→ Exercise prompt
Could you tally the lines of the entries that carry the string "reflexivity"? Reply with the number and nothing more.

→ Data to process
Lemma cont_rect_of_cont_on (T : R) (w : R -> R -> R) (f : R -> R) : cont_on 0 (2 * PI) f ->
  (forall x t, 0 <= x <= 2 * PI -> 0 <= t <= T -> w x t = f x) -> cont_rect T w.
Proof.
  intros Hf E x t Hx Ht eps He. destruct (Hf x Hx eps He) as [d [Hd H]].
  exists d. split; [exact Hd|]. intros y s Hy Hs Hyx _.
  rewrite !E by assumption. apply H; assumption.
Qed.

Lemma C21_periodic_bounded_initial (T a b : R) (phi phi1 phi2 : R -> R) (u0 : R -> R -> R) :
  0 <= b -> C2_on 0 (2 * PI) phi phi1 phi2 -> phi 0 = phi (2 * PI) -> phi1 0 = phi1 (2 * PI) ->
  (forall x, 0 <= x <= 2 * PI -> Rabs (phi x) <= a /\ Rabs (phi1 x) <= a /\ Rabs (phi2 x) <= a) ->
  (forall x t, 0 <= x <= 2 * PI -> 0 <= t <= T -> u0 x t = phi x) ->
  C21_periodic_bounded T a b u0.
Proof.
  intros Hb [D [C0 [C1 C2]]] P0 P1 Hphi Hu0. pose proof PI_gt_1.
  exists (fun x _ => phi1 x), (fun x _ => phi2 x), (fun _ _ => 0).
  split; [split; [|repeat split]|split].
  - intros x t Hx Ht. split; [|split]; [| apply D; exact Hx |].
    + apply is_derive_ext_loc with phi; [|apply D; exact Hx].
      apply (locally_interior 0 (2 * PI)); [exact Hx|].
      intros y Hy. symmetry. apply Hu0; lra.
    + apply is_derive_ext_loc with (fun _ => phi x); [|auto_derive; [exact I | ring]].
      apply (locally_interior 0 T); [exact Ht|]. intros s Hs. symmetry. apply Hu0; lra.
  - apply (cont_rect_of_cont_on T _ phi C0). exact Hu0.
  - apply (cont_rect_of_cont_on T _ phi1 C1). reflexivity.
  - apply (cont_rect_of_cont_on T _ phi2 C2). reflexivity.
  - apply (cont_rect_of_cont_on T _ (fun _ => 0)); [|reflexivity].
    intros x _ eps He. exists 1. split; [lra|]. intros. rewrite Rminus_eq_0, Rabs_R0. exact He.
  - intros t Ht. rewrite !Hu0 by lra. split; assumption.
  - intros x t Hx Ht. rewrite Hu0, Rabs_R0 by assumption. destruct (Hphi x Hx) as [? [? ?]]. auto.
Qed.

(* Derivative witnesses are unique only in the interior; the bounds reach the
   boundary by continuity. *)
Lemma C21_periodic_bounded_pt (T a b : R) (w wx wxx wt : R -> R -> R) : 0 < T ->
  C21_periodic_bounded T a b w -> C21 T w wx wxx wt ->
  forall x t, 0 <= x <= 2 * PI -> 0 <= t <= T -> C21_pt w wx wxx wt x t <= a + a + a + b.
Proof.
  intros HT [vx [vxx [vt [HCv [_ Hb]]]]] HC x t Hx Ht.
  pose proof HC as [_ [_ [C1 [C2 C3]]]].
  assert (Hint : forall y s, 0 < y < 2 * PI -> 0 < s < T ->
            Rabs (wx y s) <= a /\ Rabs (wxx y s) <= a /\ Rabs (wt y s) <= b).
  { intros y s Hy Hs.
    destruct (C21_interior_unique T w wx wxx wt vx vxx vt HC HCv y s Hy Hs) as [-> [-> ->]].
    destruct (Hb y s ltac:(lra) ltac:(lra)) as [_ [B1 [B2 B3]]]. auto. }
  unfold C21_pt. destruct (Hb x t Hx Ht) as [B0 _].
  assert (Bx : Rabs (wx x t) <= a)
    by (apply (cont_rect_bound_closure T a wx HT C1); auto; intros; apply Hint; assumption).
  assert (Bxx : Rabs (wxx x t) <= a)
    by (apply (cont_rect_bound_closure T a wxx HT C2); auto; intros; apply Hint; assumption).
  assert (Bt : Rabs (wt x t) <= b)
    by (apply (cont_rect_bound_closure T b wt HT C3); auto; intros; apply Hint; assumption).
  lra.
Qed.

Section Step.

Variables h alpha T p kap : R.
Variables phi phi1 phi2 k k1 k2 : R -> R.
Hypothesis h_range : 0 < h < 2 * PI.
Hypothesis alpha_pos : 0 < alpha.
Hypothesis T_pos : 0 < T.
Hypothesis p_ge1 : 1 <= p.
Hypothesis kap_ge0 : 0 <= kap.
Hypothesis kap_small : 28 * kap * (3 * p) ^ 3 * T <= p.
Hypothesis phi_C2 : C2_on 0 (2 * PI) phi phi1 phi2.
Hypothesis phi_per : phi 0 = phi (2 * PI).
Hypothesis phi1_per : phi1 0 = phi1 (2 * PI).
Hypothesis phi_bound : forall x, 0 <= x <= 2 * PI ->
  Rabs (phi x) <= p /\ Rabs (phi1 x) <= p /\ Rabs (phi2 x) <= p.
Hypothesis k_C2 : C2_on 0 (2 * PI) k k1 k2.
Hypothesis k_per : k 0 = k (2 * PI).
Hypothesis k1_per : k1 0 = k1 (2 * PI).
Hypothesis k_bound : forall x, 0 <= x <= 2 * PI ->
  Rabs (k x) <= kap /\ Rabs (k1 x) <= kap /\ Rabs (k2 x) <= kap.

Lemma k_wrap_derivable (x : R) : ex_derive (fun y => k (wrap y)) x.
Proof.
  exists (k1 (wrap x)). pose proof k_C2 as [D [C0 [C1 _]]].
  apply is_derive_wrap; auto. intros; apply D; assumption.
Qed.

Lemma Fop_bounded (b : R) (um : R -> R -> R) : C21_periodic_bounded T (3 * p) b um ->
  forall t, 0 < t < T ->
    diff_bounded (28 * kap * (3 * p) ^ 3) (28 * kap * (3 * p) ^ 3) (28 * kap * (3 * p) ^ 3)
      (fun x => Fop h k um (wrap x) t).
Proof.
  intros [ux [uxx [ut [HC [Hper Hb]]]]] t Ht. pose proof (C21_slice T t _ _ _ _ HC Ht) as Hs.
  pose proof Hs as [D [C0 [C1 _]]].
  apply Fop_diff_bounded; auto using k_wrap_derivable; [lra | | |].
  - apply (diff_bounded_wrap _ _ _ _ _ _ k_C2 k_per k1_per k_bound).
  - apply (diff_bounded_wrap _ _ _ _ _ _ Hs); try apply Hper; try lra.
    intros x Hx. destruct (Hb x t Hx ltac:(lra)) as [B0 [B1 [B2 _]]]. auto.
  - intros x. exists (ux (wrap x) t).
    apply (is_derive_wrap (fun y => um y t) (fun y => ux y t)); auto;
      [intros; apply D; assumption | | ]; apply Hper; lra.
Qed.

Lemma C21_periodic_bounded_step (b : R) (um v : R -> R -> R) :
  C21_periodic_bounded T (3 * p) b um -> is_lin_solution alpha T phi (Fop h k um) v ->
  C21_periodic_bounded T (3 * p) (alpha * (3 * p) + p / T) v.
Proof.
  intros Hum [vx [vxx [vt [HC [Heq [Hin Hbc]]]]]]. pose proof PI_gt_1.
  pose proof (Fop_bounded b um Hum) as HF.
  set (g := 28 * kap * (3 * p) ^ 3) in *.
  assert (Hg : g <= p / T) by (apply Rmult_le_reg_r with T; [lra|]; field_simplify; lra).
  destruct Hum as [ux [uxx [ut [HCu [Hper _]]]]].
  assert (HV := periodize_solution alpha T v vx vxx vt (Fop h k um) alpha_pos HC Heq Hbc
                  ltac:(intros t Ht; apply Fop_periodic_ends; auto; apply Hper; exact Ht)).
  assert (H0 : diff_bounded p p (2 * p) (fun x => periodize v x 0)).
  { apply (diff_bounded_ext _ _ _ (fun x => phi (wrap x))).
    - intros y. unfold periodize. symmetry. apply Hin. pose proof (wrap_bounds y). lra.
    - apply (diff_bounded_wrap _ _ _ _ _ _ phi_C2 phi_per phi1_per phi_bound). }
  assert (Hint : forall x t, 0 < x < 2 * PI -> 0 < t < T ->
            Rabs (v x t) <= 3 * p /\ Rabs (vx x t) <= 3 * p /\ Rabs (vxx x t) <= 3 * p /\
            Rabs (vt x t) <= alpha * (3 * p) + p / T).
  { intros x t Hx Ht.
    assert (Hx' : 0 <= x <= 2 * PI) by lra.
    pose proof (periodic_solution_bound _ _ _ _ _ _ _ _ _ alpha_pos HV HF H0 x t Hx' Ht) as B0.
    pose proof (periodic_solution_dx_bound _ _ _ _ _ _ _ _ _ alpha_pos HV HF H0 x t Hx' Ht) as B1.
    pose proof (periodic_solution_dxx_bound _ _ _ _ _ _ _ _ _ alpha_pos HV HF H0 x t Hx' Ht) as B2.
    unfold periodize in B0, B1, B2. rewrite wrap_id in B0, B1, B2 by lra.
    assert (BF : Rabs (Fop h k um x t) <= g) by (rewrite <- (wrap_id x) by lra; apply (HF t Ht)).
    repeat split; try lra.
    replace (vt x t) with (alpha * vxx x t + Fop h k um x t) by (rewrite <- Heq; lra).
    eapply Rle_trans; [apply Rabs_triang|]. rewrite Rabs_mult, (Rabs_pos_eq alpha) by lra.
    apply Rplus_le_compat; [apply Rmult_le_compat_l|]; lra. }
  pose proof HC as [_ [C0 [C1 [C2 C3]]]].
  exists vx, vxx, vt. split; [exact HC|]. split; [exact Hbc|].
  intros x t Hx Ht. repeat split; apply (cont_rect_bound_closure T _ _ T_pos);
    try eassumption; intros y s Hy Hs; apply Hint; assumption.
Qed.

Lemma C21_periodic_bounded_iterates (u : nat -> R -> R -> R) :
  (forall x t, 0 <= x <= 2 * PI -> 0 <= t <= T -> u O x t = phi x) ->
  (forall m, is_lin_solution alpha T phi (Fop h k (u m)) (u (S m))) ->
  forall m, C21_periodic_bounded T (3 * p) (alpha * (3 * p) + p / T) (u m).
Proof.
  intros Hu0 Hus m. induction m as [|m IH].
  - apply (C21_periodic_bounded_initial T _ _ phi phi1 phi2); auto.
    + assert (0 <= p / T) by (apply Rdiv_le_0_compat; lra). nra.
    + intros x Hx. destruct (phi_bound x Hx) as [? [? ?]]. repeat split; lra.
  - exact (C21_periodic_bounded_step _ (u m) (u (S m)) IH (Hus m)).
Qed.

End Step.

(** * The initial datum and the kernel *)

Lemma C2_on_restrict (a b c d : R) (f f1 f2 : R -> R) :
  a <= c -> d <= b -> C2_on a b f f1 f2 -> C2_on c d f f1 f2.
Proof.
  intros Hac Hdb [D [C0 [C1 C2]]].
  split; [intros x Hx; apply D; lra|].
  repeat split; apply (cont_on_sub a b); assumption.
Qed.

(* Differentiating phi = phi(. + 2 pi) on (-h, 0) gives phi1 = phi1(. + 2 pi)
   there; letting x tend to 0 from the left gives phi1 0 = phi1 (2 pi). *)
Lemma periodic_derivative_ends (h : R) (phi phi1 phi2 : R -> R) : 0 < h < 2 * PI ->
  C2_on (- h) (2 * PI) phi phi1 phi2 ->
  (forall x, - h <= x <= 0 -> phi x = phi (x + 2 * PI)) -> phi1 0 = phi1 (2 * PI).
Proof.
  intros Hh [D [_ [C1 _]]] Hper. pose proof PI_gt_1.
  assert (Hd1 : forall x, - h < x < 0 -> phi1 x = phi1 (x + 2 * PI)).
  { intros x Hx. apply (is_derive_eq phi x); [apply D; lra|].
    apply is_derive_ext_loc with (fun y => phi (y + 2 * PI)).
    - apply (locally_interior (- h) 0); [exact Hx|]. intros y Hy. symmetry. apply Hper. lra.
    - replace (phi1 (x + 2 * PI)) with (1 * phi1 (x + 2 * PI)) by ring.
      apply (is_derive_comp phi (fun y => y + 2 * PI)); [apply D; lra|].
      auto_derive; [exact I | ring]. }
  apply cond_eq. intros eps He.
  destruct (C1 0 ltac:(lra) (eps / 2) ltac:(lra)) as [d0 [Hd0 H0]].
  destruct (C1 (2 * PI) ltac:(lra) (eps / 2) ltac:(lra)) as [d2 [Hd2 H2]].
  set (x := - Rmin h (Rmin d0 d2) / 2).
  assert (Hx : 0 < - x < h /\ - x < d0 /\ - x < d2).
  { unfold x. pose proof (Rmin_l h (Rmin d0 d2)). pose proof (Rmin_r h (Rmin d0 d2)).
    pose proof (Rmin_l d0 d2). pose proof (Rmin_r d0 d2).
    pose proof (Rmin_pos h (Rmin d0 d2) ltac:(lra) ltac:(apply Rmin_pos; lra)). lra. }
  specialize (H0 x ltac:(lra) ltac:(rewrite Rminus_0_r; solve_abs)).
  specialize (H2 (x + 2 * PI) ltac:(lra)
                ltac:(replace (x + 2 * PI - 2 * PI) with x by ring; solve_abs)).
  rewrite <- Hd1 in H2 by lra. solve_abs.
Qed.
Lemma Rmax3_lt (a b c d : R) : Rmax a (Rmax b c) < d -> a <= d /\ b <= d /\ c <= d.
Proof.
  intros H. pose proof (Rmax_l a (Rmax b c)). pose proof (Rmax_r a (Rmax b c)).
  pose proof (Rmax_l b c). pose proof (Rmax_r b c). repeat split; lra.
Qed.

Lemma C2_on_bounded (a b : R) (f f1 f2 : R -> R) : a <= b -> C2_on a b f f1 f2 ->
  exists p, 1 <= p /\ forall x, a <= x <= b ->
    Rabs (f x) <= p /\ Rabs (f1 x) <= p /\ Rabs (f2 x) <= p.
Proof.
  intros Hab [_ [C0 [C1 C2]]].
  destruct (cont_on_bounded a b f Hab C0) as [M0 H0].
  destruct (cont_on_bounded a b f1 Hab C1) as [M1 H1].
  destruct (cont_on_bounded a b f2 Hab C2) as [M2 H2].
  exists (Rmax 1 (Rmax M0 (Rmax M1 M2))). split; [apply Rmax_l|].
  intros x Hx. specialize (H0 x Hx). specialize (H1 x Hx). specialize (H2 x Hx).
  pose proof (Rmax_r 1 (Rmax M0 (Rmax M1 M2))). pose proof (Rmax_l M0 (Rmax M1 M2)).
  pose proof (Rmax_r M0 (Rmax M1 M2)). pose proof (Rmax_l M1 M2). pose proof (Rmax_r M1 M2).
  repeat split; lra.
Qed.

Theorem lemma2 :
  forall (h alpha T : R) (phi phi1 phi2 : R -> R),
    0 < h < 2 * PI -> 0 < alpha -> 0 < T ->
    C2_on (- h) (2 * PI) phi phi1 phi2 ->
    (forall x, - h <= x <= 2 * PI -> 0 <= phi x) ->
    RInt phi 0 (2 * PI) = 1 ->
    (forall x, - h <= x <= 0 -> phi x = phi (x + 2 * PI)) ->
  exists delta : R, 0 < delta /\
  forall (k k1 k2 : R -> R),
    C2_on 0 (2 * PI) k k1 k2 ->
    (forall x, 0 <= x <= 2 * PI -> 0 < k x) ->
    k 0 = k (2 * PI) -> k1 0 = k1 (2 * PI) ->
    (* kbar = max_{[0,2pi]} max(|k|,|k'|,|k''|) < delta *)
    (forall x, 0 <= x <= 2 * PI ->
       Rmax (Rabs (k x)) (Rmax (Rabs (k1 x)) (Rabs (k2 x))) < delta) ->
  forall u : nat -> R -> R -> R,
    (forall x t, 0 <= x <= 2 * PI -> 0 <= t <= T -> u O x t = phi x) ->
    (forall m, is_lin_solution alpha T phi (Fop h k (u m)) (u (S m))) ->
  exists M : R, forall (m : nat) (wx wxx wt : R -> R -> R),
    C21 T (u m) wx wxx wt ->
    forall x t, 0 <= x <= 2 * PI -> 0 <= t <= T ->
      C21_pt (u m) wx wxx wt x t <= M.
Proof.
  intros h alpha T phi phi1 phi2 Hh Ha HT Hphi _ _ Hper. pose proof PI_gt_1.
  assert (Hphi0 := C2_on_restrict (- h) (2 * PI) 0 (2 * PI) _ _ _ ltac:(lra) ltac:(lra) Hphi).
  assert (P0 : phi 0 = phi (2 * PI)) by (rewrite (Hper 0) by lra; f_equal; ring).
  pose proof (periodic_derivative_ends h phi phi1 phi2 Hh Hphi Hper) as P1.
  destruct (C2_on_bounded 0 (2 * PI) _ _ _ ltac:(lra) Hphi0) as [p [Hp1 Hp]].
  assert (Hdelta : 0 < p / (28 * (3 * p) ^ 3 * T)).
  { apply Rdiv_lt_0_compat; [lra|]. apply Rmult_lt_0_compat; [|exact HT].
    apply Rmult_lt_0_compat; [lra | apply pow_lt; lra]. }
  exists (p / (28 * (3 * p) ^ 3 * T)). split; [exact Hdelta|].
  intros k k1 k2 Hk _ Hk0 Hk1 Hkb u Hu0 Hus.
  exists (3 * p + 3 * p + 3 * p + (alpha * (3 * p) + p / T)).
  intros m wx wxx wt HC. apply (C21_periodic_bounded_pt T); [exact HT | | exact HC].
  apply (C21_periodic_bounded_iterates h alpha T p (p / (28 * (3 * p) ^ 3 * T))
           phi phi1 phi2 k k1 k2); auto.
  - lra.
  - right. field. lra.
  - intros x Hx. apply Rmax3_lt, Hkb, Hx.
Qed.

→ Answer to the exercise
3